To attain this main objective, the GMI presents a new paradigm of “Sustainable and Responsible Mining”. Clearly this is an effort to greenwash the industry. It includes a two-year action program called the Mines, Minerals and Sustainable Development(MMSD)project.
One clear approach used is the cooptation of strong community leaders and their allies through so-called dialogues and participatory processes. The MSSD program will culminate at the World Summit on Sustainable Development (WSSD) in Johannesburg, South Africa, with a presentation of a research output that would absolve their wrongdoing in the past.
It is not a coincidence that the World Bank and the United Nations have called for a review of the extractive industry. It is not also a mere coincidence that the World Bank and the Asian Development Bank have made a review of their policy on indigenous peoples. All of these happened in the year 2001. Changes in policies seemed to favor the industry more rather than uphold the basic rights of affected people. As shown by the World Bank’s review of its Operational Policy on Indigenous Peoples, it is biased more towards exclusion of a free and prior informed consent provision from its revised policy.
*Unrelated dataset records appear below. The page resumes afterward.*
Lemma rc_le_two_dominating (D : {set T}) k :
  rainbow_within D k ->
  (forall w, w \notin D ->
     exists a b, [/\ a \in D, b \in D, a != b, e w a & e w b]) ->
  rc_le e k.+2.
Proof.
move=> [col [col_sym rcD]] dom2.
pose na w := odflt w [pick a in D | e w a].
have naP w : w \notin D -> na w \in D /\ e w (na w).
  move=> wD; rewrite /na; case: pickP => [a /andP[]|none] //=.
  have [a [b [aD _ _ ewa _]]] := dom2 w wD.
  by have := none a; rewrite aD ewa.
have otherP w : w \notin D -> exists b, [/\ b \in D, e w b & b != na w].
  move=> wD; have [a [b [aD bD ab ewa ewb]]] := dom2 w wD.
  have [aE|] := eqVneq a (na w); last by exists a.
  by exists b; rewrite -aE eq_sym.
pose c := two_dominating_colouring D k col na.
exists k.+2, (fun a b => inord (c a b)); split=> //; split.
  by move=> a b _; rewrite /c two_dominating_colouring_sym.
move=> x y; have [D' [p rp]] := two_dominating_rainbow rcD naP otherP x y.
by exists p; apply: rainbow_path_within_inord rp.
Qed.

End RainbowWithin.

Lemma cycle_neighbours (T : eqType) (e : rel T) (c : seq T) w :
  cycle e c -> uniq c -> 2 < size c -> w \in c ->
  exists a b, [/\ a \in c, b \in c, uniq [:: w; a; b], e w a & e b w].
Proof.
move=> cyc uc sz wc; case: (rot_to wc) => i q rot_c.
have cq : cycle e (w :: q) by rewrite -rot_c rot_cycle.
have uq : uniq (w :: q) by rewrite -rot_c rot_uniq.
have sq : 2 < size (w :: q) by rewrite -rot_c size_rot.
have mq : {subset w :: q <= c} by move=> z; rewrite -rot_c mem_rot.
case: q cq uq sq mq {rot_c} => [|a [|b q]] //= cq uq _ mq.
move: cq uq => /and3P[ewa _]; rewrite rcons_path => /andP[_ elw] /and4P[wabq abq _ _].
set l := last b q in elw *; have lbq : l \in b :: q := mem_last b q.
have wa : w != a by apply: contraNneq wabq => ->; exact: mem_head.
have wl : w != l by apply: contraNneq wabq => ->; rewrite in_cons lbq orbT.
have al : a != l by apply: contraNneq abq => ->.
exists a, l; split=> //; first by apply: mq; rewrite !inE eqxx orbT.
  by apply: mq; rewrite (in_cons w) (in_cons a) lbq !orbT.
by rewrite /= !inE !negb_or wa wl al.
Qed.

Lemma induced_forest1 (T : finType) (e : rel T) t : induced_forest e [set t].
Proof.
move=> x [|a p] //=; apply/negP.
move=> /and5P[_ /andP[xap _] /and3P[/set1P xt /set1P a_t _] _ _].
by move: xap; rewrite xt a_t mem_head.
Qed.

Lemma induced_forest_setU1_neighbours (T : finType) (e : rel T) (F : {set T}) w :
  symmetric e -> induced_forest e F -> ~ induced_forest e (w |: F) -> w \notin F ->
  exists a b, [/\ a \in F, b \in F, a != b, e w a & e w b].
Proof.
move=> esym forestF /not_all_ex_not[x /not_all_ex_not[p /negP/negbNE]].
move=> /and5P[sz ux wFp pth lst] wF.
have inF z : z \in x :: p -> z != w -> z \in F.
  by move=> /(allP wFp); rewrite in_setU1 => /orP[/eqP ->|//]; rewrite eqxx.
have win : w \in x :: p.
  apply: contraT => wout; case/negP: (forestF x p); apply/and5P; split=> //.
  by apply/allP => z zp; apply: inF (zp) _; apply: contraNneq wout => <-.
have cyc : cycle e (x :: p) by rewrite /= rcons_path pth lst.
have [a [b [ac bc /and3P[wab ab _] ewa ebw]]] := cycle_neighbours cyc ux sz win.
move: wab; rewrite !inE !negb_or => /andP[wa wb].
exists a, b; split=> //; last by rewrite esym.
- by apply: inF; rewrite // eq_sym.
- by apply: inF; rewrite // eq_sym.
- by move: ab; rewrite inE.
Qed.

Lemma connect_boundary (T : finType) (e : rel T) (A : {pred T}) x y :
  connect e x y -> x \in A -> y \notin A ->
  exists a b, [/\ a \in A, b \notin A & e a b].
Proof.
move=> /connectP[p px ->]; elim: p x px => [|z p IH] x /=; first by move=> _ ->.
move=> /andP[exz pz] xA lA; have [zA|zA] := boolP (z \in A); first exact: IH pz zA lA.
by exists x, z.
Qed.

Section ForestGrowth.
Variables (T : finType) (e : rel T) (F : {set T}).
Hypotheses (esym : symmetric e) (forestF : induced_forest e F).
Hypothesis maxF : forall S, induced_forest e S -> #|S| <= #|F|.
Hypothesis conn : connected_graph e.

Lemma maximum_forest_neighbours w :
  w \notin F -> exists a b, [/\ a \in F, b \in F, a != b, e w a & e w b].
Proof.
move=> wF; apply: induced_forest_setU1_neighbours => // /maxF.
by rewrite cardsU1 wF add1n ltnn.
Qed.

Definition frugal (D : {set T}) : Prop :=
  exists k, rainbow_within e D k /\ k + 3 <= 3 * #|D :&: F|.

Lemma frugal_attach_path (D : {set T}) d p y :
  frugal D -> d \in D -> path e d p -> uniq p -> all (fun v => v \notin D) p ->
  size p <= 3 -> y \in p -> y \in F ->
  exists D', frugal D' /\ #|D :&: F| < #|D' :&: F|.
Proof.
move=> [k [rD budget]] dD dp up pD sp yp yF.
have grow : #|D :&: F| < #|(D :|: [set:: p]) :&: F|.
  have yDF : y \notin D :&: F by rewrite inE negb_and (allP pD y yp).
  apply: (@leq_trans #|y |: (D :&: F)|); first by rewrite cardsU1 yDF.
  apply/subset_leq_card/subsetP => z; rewrite !inE => /orP[/eqP ->|/andP[-> ->] //].
  by rewrite yp yF orbT.
exists (D :|: [set:: p]); split=> //; exists (k + size p); split.
  exact: (rainbow_within_path esym rD dD dp up pD).
lia.
Qed.

Lemma frugal_step (D : {set T}) :
  frugal D -> ~~ (F \subset D) -> exists D', frugal D' /\ #|D :&: F| < #|D' :&: F|.
Proof.
move=> fD /subsetPn[y0 y0F y0D].
have [x0 x0D] : exists x0, x0 \in D.
  case: fD => k [_ budget]; have /card_gt0P[z] : 0 < #|D :&: F| by lia.
  by rewrite inE => /andP[zD _]; exists z.
have [/exists_inP[d dD /exists_inP[y yF /andP[yD edy]]]|nearF] :=
  boolP [exists d in D, exists y in F, (y \notin D) && e d y].
  by apply: (@frugal_attach_path D d [:: y] y fD dD) => //=; rewrite ?edy ?yD ?mem_head.
have farF d y : d \in D -> y \in F -> y \notin D -> ~~ e d y.
  move=> dD yF yD; apply: contra nearF => edy.
  by apply/exists_inP; exists d => //; apply/exists_inP; exists y; rewrite ?yD.
(* No vertex of F is adjacent to D: leave the closed neighbourhood A of D towards
   y0 along an edge ab; then a is a neighbour of D outside F, and b is not
   adjacent to D. *)
pose A := D :|: [set v | [exists d in D, e d v]].
have y0A : y0 \notin A.
  by rewrite !inE negb_or y0D /=; apply/exists_inPn => d dD; exact: farF.
have x0A : x0 \in A by rewrite inE x0D.
have [a [b [aA bA eab]]] := connect_boundary (conn x0 y0) x0A y0A.
move: bA; rewrite !inE negb_or => /andP[bD /exists_inPn bfar].
have aD : a \notin D by apply: contraTN eab; exact: bfar.
move: aA; rewrite !inE (negbTE aD) /= => /exists_inP[d dD eda].
have aF : a \notin F by apply: contraTN eda => aF; exact: farF.
have ab : a != b by apply: contraTneq eda => ->; exact: bfar.
have [bF|bF] := boolP (b \in F).
  apply: (@frugal_attach_path D d [:: a; b] b fD dD) => /=;
    by rewrite ?eda ?eab ?inE ?ab ?aD ?bD ?eqxx ?orbT.
have [y [_ [yF _ _ eby _]]] := maximum_forest_neighbours bF.
have yD : y \notin D by apply: contraTN eby => yD; rewrite esym; exact: bfar.
have ay : a != y by apply: contraNneq aF => ->.
have b_y : b != y by apply: contraNneq bF => ->.
apply: (@frugal_attach_path D d [:: a; b; y] y fD dD) => /=;
  by rewrite ?eda ?eab ?eby ?inE ?negb_or ?ab ?ay ?b_y ?aD ?bD ?yD ?eqxx ?orbT.
Qed.

Lemma frugal_cover (D : {set T}) : frugal D -> exists2 D', frugal D' & F \subset D'.
Proof.
have [n] := ubnP (#|F| - #|D :&: F|); elim: n D => // n IH D lt_n fD.
have [FD|nFD] := boolP (F \subset D); first by exists D.
have [D' [fD' lt_DD']] := frugal_step fD nFD.
apply: IH fD'; have : #|D' :&: F| <= #|F| := subset_leq_card (subsetIr _ _).
lia.
Qed.

End ForestGrowth.

Theorem theorem2 (T : finType) (e : rel T) (f : nat) :
  0 < #|T| ->
  simple_graph e ->
  connected_graph e ->
  is_forest_number e f ->
  rc_le e (3 * f - 1).
Proof.
move=> /card_gt0P[t _] [esym _] conn [[F [forestF <-]] maxF].
have /card_gt0P[y yF] : 0 < #|F|.
  by have := maxF _ (induced_forest1 e t); rewrite cards1.
have fy : frugal e F [set y].
  exists 0; split; first exact: rainbow_within1.
  by rewrite (setIidPl _) ?sub1set // cards1.
have [D [k [rD budget]] FD] := frugal_cover esym forestF maxF conn fy.
have dom2 w : w \notin D -> exists a b, [/\ a \in D, b \in D, a != b, e w a & e w b].
  move=> wD; have wF : w \notin F by apply: contraNN wD => /(subsetP FD).
  have [a [b [aF bF ab ewa ewb]]] := maximum_forest_neighbours esym forestF maxF wF.
  by exists a, b; split; rewrite ?(subsetP FD).
have [k' [c [le_k' colouring]]] := rc_le_two_dominating esym rD dom2.
by exists k', c; split=> //; rewrite (setIidPr FD) in budget; lia.
Qed.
This aggressive public relations salvo by the mining industry is a source of worry for mining-affected communities and their allies. In 2001 regional and international conferences were held to assess and analyze the Global Mining Initiative and the MMSD project and see what these mean for affected communities. The challenge confronting mining-affected communities and their allies can be summarized thus:
- The mining industry, to a certain level, has tightened its ranks and is confronting community opposition in a more organized way. It has placed massive resources in this image-building exercise.
here in the past, it used blatant confrontational tactics, it now combines this with dialogue and “participatory” processes. - The concept of “Sustainable and Responsible Mining” is being promoted in the WSSD process.
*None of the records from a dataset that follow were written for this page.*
(* Let $\mathbb{U}$ be the Urysohn space and $\mathcal{K}(\mathbb{U})$ the standard Borel space (with the Effros Borel structure) of closed subsets of $\mathbb{U}$. The set $\mathcal{ALC}\subseteq\mathcal{K}(\mathbb{U})$ of all closed subsets of $\mathbb{U}$ that are almost locally compact is a Borel subset of $\mathcal{K}(\mathbb{U})$.
   Context: A topological space is almost locally compact if it contains a dense locally compact subspace. *)

From HB Require Import structures.
From mathcomp Require Import all_boot all_order all_algebra.
From mathcomp Require Import all_classical all_reals all_analysis.
Set Implicit Arguments. Unset Strict Implicit. Unset Printing Implicit Defensive.
Import Order.TTheory GRing.Theory Num.Theory.
Local Open Scope classical_set_scope.
Local Open Scope ring_scope.

Definition separable_space {R : realType} (M : metricType R) : Prop :=
  exists D : set M, countable D /\ dense D.

Definition complete_space {R : realType} (M : metricType R) : Prop :=
  forall F : set_system M, ProperFilter F -> cauchy F -> exists x : M, F --> x.

Definition isometric {R : realType} (M N : metricType R) (f : M -> N) : Prop :=
  forall x y : M, mdist (f x) (f y) = mdist x y.

Definition is_Urysohn_space {R : realType} (U : metricType R) : Prop :=
  [/\ complete_space U, separable_space U,
      (forall M : metricType R, separable_space M ->
         exists f : M -> U, isometric f) &
      (forall (A : set U) (f : U -> U), finite_set A ->
         (forall x y, A x -> A y -> mdist (f x) (f y) = mdist x y) ->
         exists g : U -> U, [/\ bijective g, isometric g &
                                forall x, A x -> g x = f x])].

Definition locally_compact_subspace {T : topologicalType} (A : set T) : Prop :=
  @locally_compact (subspace A) A.

Definition almost_locally_compact {T : topologicalType} (F : set T) : Prop :=
  exists D : set T, [/\ D `<=` F, F `<=` closure D & locally_compact_subspace D].

Definition closed_sets (T : topologicalType) : set (set T) := [set F | closed F].

Definition effros_generators (T : topologicalType) : set (set (set T)) :=
  [set [set F | closed F /\ F `&` V !=set0] | V in [set V : set T | open V]].

Definition effros_borel (T : topologicalType) : set (set (set T)) :=
  <<s @closed_sets T, @effros_generators T >>.

Definition ALC (T : topologicalType) : set (set T) :=
  [set F | closed F /\ almost_locally_compact F].

From HB Require Import structures.
From mathcomp Require Import all_boot all_order all_algebra.
From mathcomp Require Import all_classical all_reals all_analysis.
Set Implicit Arguments. Unset Strict Implicit. Unset Printing Implicit Defensive.
Import Order.TTheory GRing.Theory Num.Theory.
Local Open Scope classical_set_scope.
Local Open Scope ring_scope.

(* Fix a dense sequence (e i) and the basic balls ball (e n) (1/(m+1)).  In a
   complete space a closed F is almost locally compact iff every basic ball
   meeting F contains a basic ball B meeting F such that F `&` B is totally
   bounded, witnessed for each radius 1/(k+1) by finitely many closed balls
   around e 0, ..., e (N-1).  Indeed the points of F having such a B around
   them form a dense locally compact subset of F; conversely, if D is dense in
   F and x in D has a compact neighbourhood C in D, then F `&` B lies in the
   closure of the compact set C for a small basic B around x.  Each clause
   "F meets the open set V" is an Effros generator, so the criterion exhibits
   ALC as a countable Boolean combination of generators. *)

Section sigma_algebra_on_domain.
Context {T : Type} (D : set T) (G : set (set T)).
Hypothesis G_sub : forall A, G A -> A `<=` D.

Lemma sigma_algebra_sub_domain A : <<s D, G >> A -> A `<=` D.
Proof.
move=> GA; suff : [set A | A `<=` D] A by [].
apply: smallest_sub GA => //; split => [//|B _|B BD]; first exact: subDsetl.
by apply: bigcup_sub => i _; exact: BD.
Qed.

Lemma sigma_algebra_bigcap_nat (A : (set T)^nat) :
  (forall i, <<s D, G >> (A i)) -> <<s D, G >> (\bigcap_i A i).
Proof.
move=> GA; have -> : \bigcap_i A i = D `\` \bigcup_i (D `\` A i).
  rewrite -bigcupDr; last by exists 0%N.
  apply: eq_bigcapr => i _.
  by rewrite setDD setIidr //; exact: sigma_algebra_sub_domain.
apply: sigma_algebraCD; apply: sigma_algebra_bigcup => i.
exact: sigma_algebraCD.
Qed.

Lemma sigma_algebra_setU A B :
  <<s D, G >> A -> <<s D, G >> B -> <<s D, G >> (A `|` B).
Proof.
move=> GA GB; rewrite -bigcup2E.
by apply: sigma_algebra_bigcup => -[|[|i]] //=; exact: sigma_algebra0.
Qed.

Lemma sigma_algebra_setI A B :
  <<s D, G >> A -> <<s D, G >> B -> <<s D, G >> (A `&` B).
Proof.
have [_ _ _ GI] := (sigma_algebraP sigma_algebra_sub_domain).1
  (smallest_sigma_algebra D G).
exact: GI.
Qed.

End sigma_algebra_on_domain.

Section effros_borel.
Variable T : topologicalType.

Definition hits (V : set T) : set (set T) :=
  [set F | closed F /\ F `&` V !=set0].

Lemma effros_generators_closed A :
  @effros_generators T A -> A `<=` @closed_sets T.
Proof. by case=> V _ <- F []. Qed.

Lemma effros_borel_hits V : open V -> effros_borel (hits V).
Proof. by move=> V_open; apply: sub_sigma_algebra; exists V. Qed.

End effros_borel.

Lemma within_subspace_nbhsP {T : topologicalType} (A K : set T) (x : T) : A x ->
  within A (nbhs (x : subspace A)) K <->
  exists2 V, nbhs x V & K `&` A = V `&` A.
Proof.
move=> Ax; rewrite withinE; split.
  by move=> [V /(nbhs_subspace_ex _ Ax) [W Wx VW] KV]; exists W; rewrite // KV.
by move=> [V Vx KV]; exists K => //; apply/(nbhs_subspace_ex _ Ax); exists V.
Qed.

Lemma closureI_open {T : topologicalType} (A W : set T) :
  open W -> closure A `&` W `<=` closure (A `&` W).
Proof.
move=> W_open x [Ax Wx] B Bx.
have W_nbhs : nbhs x W by exact: open_nbhs_nbhs.
by have [z [Az [Wz Bz]]] := Ax (W `&` B) (filterI W_nbhs Bx); exists z.
Qed.

Lemma compact_bigcup_II {T : topologicalType} (K : set T) (f : nat -> set T) :
  compact K -> (forall i, open (f i)) -> K `<=` \bigcup_i f i ->
  exists n, K `<=` \bigcup_(i < n) f i.
Proof.
move=> /compact_near_coveringP K_cover f_open Kf.
have : \forall n \near \oo, K `<=` \bigcup_(i < n) f i.
  apply: K_cover => x /Kf [i _ fx].
  exists (f i, [set n | (i < n)%N]); first split => //=.
  - exact: open_nbhs_nbhs.
  - by exists i.+1.
  by move=> [y n] /= [fy ltin]; exists i.
by move=> [N _ /(_ N (leqnn N))]; exists N.
Qed.

Lemma ultra_bigcup_II {T : Type} (G : set_system T) (f : nat -> set T) n :
  UltraFilter G -> G (\bigcup_(i < n) f i) -> exists2 i, (i < n)%N & G (f i).
Proof.
move=> G_ultra; elim: n => [|n IHn].
  by rewrite II0 bigcup_set0 => /filter_ex [].
rewrite IIS bigcup_setU bigcup_set1 => Gn.
have [Gfn|GCfn] := in_ultra_setVsetC (f n) G_ultra; first by exists n.
have [|i ltin Gi] := IHn; last by exists i => //; exact: ltnW.
by apply: filterS (filterI Gn GCfn) => y [[]].
Qed.

Lemma metric_ball_open {R : realType} {U : metricType R} (x : U) (r : R) :
  open (ball x r).
Proof.
rewrite openE => y; rewrite ballEmdist /= => xy; rewrite /interior -nbhs_ballE.
exists (r - mdist x y) => /=; first by rewrite subr_gt0.
move=> z; rewrite !ballEmdist /= => yz.
by rewrite (le_lt_trans (metric_triangle x y z)) // -ltrBrDl.
Qed.

Section dense_sequence.
Variables (R : realType) (U : metricType R) (e : nat -> U).
Hypothesis e_dense : dense (range e).

Definition radius (k : nat) : R := k.+1%:R^-1.

Lemma radius_gt0 k : 0 < radius k.
Proof. by rewrite invr_gt0. Qed.

Lemma exists_radius_lt (eps : R) : 0 < eps -> exists k, radius k < eps.
Proof.
move=> eps_gt0.
have [N _ /(_ N (leqnn N))] := near_infty_natSinv_lt (PosNum eps_gt0).
by exists N.
Qed.

Lemma dense_range_ball (x : U) (r : R) : 0 < r -> exists i, ball (e i) r x.
Proof.
move=> r_gt0.
have [y [xy [i _ iy]]] :=
  e_dense (ex_intro _ x (ballxx x r_gt0)) (metric_ball_open x r).
by exists i; rewrite iy; exact: ball_sym.
Qed.

Definition net_ball (n m : nat) : set U := ball (e n) (radius m).

Lemma net_ball_open n m : open (net_ball n m).
Proof. exact: metric_ball_open. Qed.

Lemma nbhs_net_ball (x : U) (O : set U) :
  nbhs x O -> exists n m, net_ball n m x /\ net_ball n m `<=` O.
Proof.
move=> /nbhs_ballP [eps eps_gt0 epsO].
have [m rm] := exists_radius_lt (divr_gt0 eps_gt0 (ltr0n R 2)).
have [n nx] := dense_range_ball x (radius_gt0 m).
exists n, m; split => // y ny; apply: epsO.
apply: (@le_ball _ _ _ (radius m + radius m)).
  by rewrite [leRHS](splitr eps) ltW // ltrD.
exact: ball_triangle (ball_sym nx) ny.
Qed.

Definition net_cover (n k : nat) : set U :=
  \bigcup_(i < n) closed_ball (e i) (radius k).

Lemma net_cover_closed n k : closed (net_cover n k).
Proof.
apply: closed_bigcup => [|i _]; first exact: finite_II.
exact: closed_ball_closed.
Qed.

Definition net_bounded (A : set U) := forall k, exists n, A `<=` net_cover n k.

Lemma compact_net_bounded (K : set U) : compact K -> net_bounded K.
Proof.
move=> K_compact k.
have [|n Kn] := compact_bigcup_II K_compact (fun i => net_ball_open i k).
  by move=> x _; have [i ix] := dense_range_ball x (radius_gt0 k); exists i.
exists n; apply: subset_trans Kn _.
by apply: subset_bigcup => i _; exact: subset_closed_ball.
Qed.

Lemma net_bounded_compact (K : set U) :
  complete_space U -> closed K -> net_bounded K -> compact K.
Proof.
move=> U_complete K_closed K_bounded; rewrite compact_ultra => G G_ultra GK.
have G_cauchy : cauchy G.
  apply: cauchy_exP => eps eps_gt0.
  have [k rk] := exists_radius_lt (divr_gt0 eps_gt0 (ltr0n R 2)).
  have [n Kn] := K_bounded k.
  have [i _ Gi] := ultra_bigcup_II G_ultra (filterS Kn GK).
  exists (e i); apply: filterS Gi.
  apply: subset_trans _ (subset_closure_half eps_gt0).
  exact/closureS/le_ball/ltW.
have [x Gx] := U_complete G _ G_cauchy.
by exists x; split => //; exact: (@closed_cvg _ _ G _ id K K_closed _ x).
Qed.

Definition densely_net_bounded (F : set U) := forall n m,
  F `&` net_ball n m !=set0 -> exists n' m',
    F `&` (net_ball n m `&` net_ball n' m') !=set0 /\
    net_bounded (F `&` net_ball n' m').

Lemma almost_locally_compact_densely_net_bounded (F : set U) :
  almost_locally_compact F -> densely_net_bounded F.
Proof.
move=> [D [DF FD D_lc]] n m [y [Fy ny]].
have [x [Dx nx]] : D `&` net_ball n m !=set0.
  by apply: FD y Fy _ (open_nbhs_nbhs (conj (net_ball_open n m) ny)).
have [K /(within_subspace_nbhsP _ Dx) [V Vx KV] [K_compact _]] := D_lc x Dx.
have VD_compact : compact (V `&` D : set U).
  rewrite -KV; apply/compact_subspaceIP/compact_closedI => //.
  exact: closed_subspaceT.
have [n' [m' [n'x n'V]]] : exists n' m', net_ball n' m' x /\
    net_ball n' m' `<=` V `&` net_ball n m.
  apply: nbhs_net_ball; apply: filterI => //.
  exact: open_nbhs_nbhs (conj (net_ball_open n m) nx).
exists n', m'; split; first by exists x; split; [exact: DF | split].
have FVD : F `&` net_ball n' m' `<=` V `&` D.
  have VD_closed := compact_closed (@metric_hausdorff R U) VD_compact.
  rewrite (closure_id (V `&` D)).1 //; apply: subset_trans (setSI FD) _.
  apply: subset_trans (closureI_open (net_ball_open n' m')) _.
  by apply: closureS => w [Dw /n'V [Vw _]].
move=> k; have [N VDN] := compact_net_bounded VD_compact k.
by exists N; exact: subset_trans VDN.
Qed.

Lemma densely_net_bounded_almost_locally_compact (F : set U) :
  complete_space U -> closed F -> densely_net_bounded F ->
  almost_locally_compact F.
Proof.
move=> U_complete F_closed F_dense.
pose D := [set x | F x /\
  exists n m, net_ball n m x /\ net_bounded (F `&` net_ball n m)].
exists D; split.
- by move=> x [].
- move=> y Fy O /nbhs_net_ball [n [m [ny nO]]].
  have [n' [m' [[x [Fx [nx n'x]]] n'_bounded]]] :=
    F_dense n m (ex_intro _ y (conj Fy ny)).
  by exists x; split; [split => //; exists n', m' | exact: nO].
- move=> x [Fx [n [m [nx n_bounded]]]].
  have /nbhs_ballP [eps eps_gt0 eps_n] : nbhs (x : U) (net_ball n m).
    exact: open_nbhs_nbhs (conj (net_ball_open n m) nx).
  pose K := F `&` closed_ball (x : U) (eps / 2).
  have Kn : K `<=` F `&` net_ball n m.
    by move=> z [Fz xz]; split => //; apply/eps_n/(subset_closure_half eps_gt0).
  have KD : K `<=` D by move=> z /Kn [Fz nz]; split => //; exists n, m.
  have K_closed : closed K by apply: closedI => //; exact: closed_ball_closed.
  have K_compact : compact K.
    apply: net_bounded_compact => // k; have [N nN] := n_bounded k.
    by exists N; exact: subset_trans nN.
  have Dx : D x by split => //; exists n, m.
  exists K.
    apply/(@within_subspace_nbhsP U _ _ _ Dx).
    exists (closed_ball (x : U) (eps / 2)).
      apply: filterS (@subset_closed_ball _ _ _ _) _.
      by apply: nbhsx_ballx; rewrite divr_gt0.
    apply/seteqP; split => [z [[_ xz] Dz] | z [xz Dz]] //.
    by split => //; split => //; case: Dz.
  split; last exact: closed_subspaceW.
  by rewrite -(setIidl KD); apply/compact_subspaceIP; rewrite setIidl.
Qed.

Lemma densely_net_boundedE : [set F | closed F /\ densely_net_bounded F] =
  \bigcap_n \bigcap_m ((@closed_sets U `\` hits (net_ball n m)) `|`
    \bigcup_n' \bigcup_m' (hits (net_ball n m `&` net_ball n' m') `&`
      \bigcap_k \bigcup_N
        (@closed_sets U `\` hits (net_ball n' m' `\` net_cover N k)))).
Proof.
apply/seteqP; split => F.
- move=> [F_closed F_dense] n _ m _.
  have [Fn|nFn] := pselect (F `&` net_ball n m !=set0).
    2: by left; split => // -[].
  right; have [n' [m' [Fnn' n'_bounded]]] := F_dense n m Fn.
  exists n' => //; exists m' => //; split => // k _.
  have [N n'N] := n'_bounded k; exists N => //.
  split => // -[_ [z [Fz [n'z Nz]]]].
  by apply: Nz; exact: n'N.
- move=> FP; have F_closed : closed F.
    by case: (FP 0%N I 0%N I) => [[]|[n' _ [m' _ [[]]]]].
  split => // n m Fn.
  case: (FP n I m I) => [[_ []]//|[n' _ [m' _ [[_ Fnn'] n'N]]]].
  exists n', m'; split => // k; have [N _ [_ FN]] := n'N k I.
  exists N => z [Fz n'z]; apply: contrapT => Nz.
  by apply: FN; split => //; exists z.
Qed.

Lemma effros_borel_densely_net_bounded :
  effros_borel [set F | closed F /\ densely_net_bounded F].
Proof.
have G_sub := @effros_generators_closed U.
rewrite densely_net_boundedE.
apply: sigma_algebra_bigcap_nat => // n.
apply: sigma_algebra_bigcap_nat => // m.
apply: sigma_algebra_setU.
  by apply: sigma_algebraCD; apply: effros_borel_hits; exact: net_ball_open.
apply: sigma_algebra_bigcup => n'; apply: sigma_algebra_bigcup => m'.
apply: sigma_algebra_setI => //.
  by apply: effros_borel_hits; apply: openI; exact: net_ball_open.
apply: sigma_algebra_bigcap_nat => // k; apply: sigma_algebra_bigcup => N.
apply: sigma_algebraCD; apply: effros_borel_hits; apply: openI.
  exact: net_ball_open.
exact/closed_openC/net_cover_closed.
Qed.

End dense_sequence.

Lemma countable_dense_range {T : topologicalType} (x0 : T) (D : set T) :
  countable D -> dense D -> exists e : nat -> T, dense (range e).
Proof.
move=> /countable_injP [f f_inj] D_dense.
exists (pinv_ (fun=> x0) D f) => O O0 O_open.
have [z [Oz Dz]] := D_dense O O0 O_open.
by exists z; split => //; exists (f z) => //; rewrite pinvKV // inE.
Qed.

Lemma almost_locally_compact0 {T : topologicalType} :
  almost_locally_compact (@set0 T).
Proof. by exists set0; split => // x. Qed.

Theorem proposition3p7 (R : realType) (U : metricType R) :
  is_Urysohn_space U -> @effros_borel U (@ALC U).
Proof.
move=> [U_complete [D [D_countable D_dense]] _ _].
have [[x0 _]|U0] := pselect (exists x : U, True); last first.
  have -> : @ALC U = @closed_sets U `\` set0.
    apply/seteqP; split => F [F_closed _]; split => //.
    suff -> : F = set0 by exact: almost_locally_compact0.
    by apply/seteqP; split => // x _; apply: U0; exists x.
  by apply: sigma_algebraCD; exact: sigma_algebra0.
have [e e_dense] := countable_dense_range x0 D_countable D_dense.
have -> : @ALC U = [set F | closed F /\ densely_net_bounded e F].
  apply/seteqP; split => F [F_closed F_P]; split => //.
    exact: almost_locally_compact_densely_net_bounded e_dense _ F_P.
  exact: densely_net_bounded_almost_locally_compact e_dense _ U_complete _ F_P.
exact: effros_borel_densely_net_bounded.
Qed.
- The various fora held in 2001 by mining-affected communities and their allies provided opportunities to strengthen and broaden the movement against big commercial mining. There is wide unity on the need to engage in the WSSD processes and to preempt the attempt by the mining industry to cloud the realities of its unsustainable production systems and practices.
In the Philippines, the mining industry presented an assessment during the Mining Philippines 2001 Conference on November 21–22, 2001, in which it declared: “The Mining Act of 1995 now stands as the only economic liberalization measure that has failed to benefit the economy”.
Mines and Geosciences Bureau Director Horacio C. Ramos reported in the same conference that “since the promulgation of the Mining Act of 1995, there are only 169 Mineral Production Sharing Agreements (MPSAs), 64 Exploration Permits (EPs) and 2 Financial or Technical Assistance Agreements (FTAAs) that were approved covering a total land area of 758,000 hectares.” At the height of government efforts to attract foreign mining investors, around 70 percent of the country’s total land area was covered for applications. As of December 2001, there were 2,347 applications which included 43 FTAAs, 1,578 MPSAs, 380 EPs and 346 IPs which are pending or being processed. The 43 FTAA applications cover an area of about 2.2 million hectares.
The Filipino people’s campaign against the Mining Act of 1995 was sustained through massive education and information activities reflected in the following initiatives:
- direct community actions to prevent the entry of mining corporations;
- legal action questioning the legality of the FTAA;
- municipal and provincial government resolutions banning the entry of big commercial mines or calling for a moratorium of mining in their respective areas;
- statements of support and resolutions by the church sector;
- use of Free and Prior Informed Consent to empower communities to assert that their consent be obtained before the entry of any development project.
The intensification of people’s efforts to defend their communities is met with militarization. The mining industry, on the other hand, launched education and information campaigns in response to issues raised against them. They claim that they are now on a paradigm shift which is reflected in a National Minerals Policy within the framework of what they call “Sustainable and Responsible Mining”.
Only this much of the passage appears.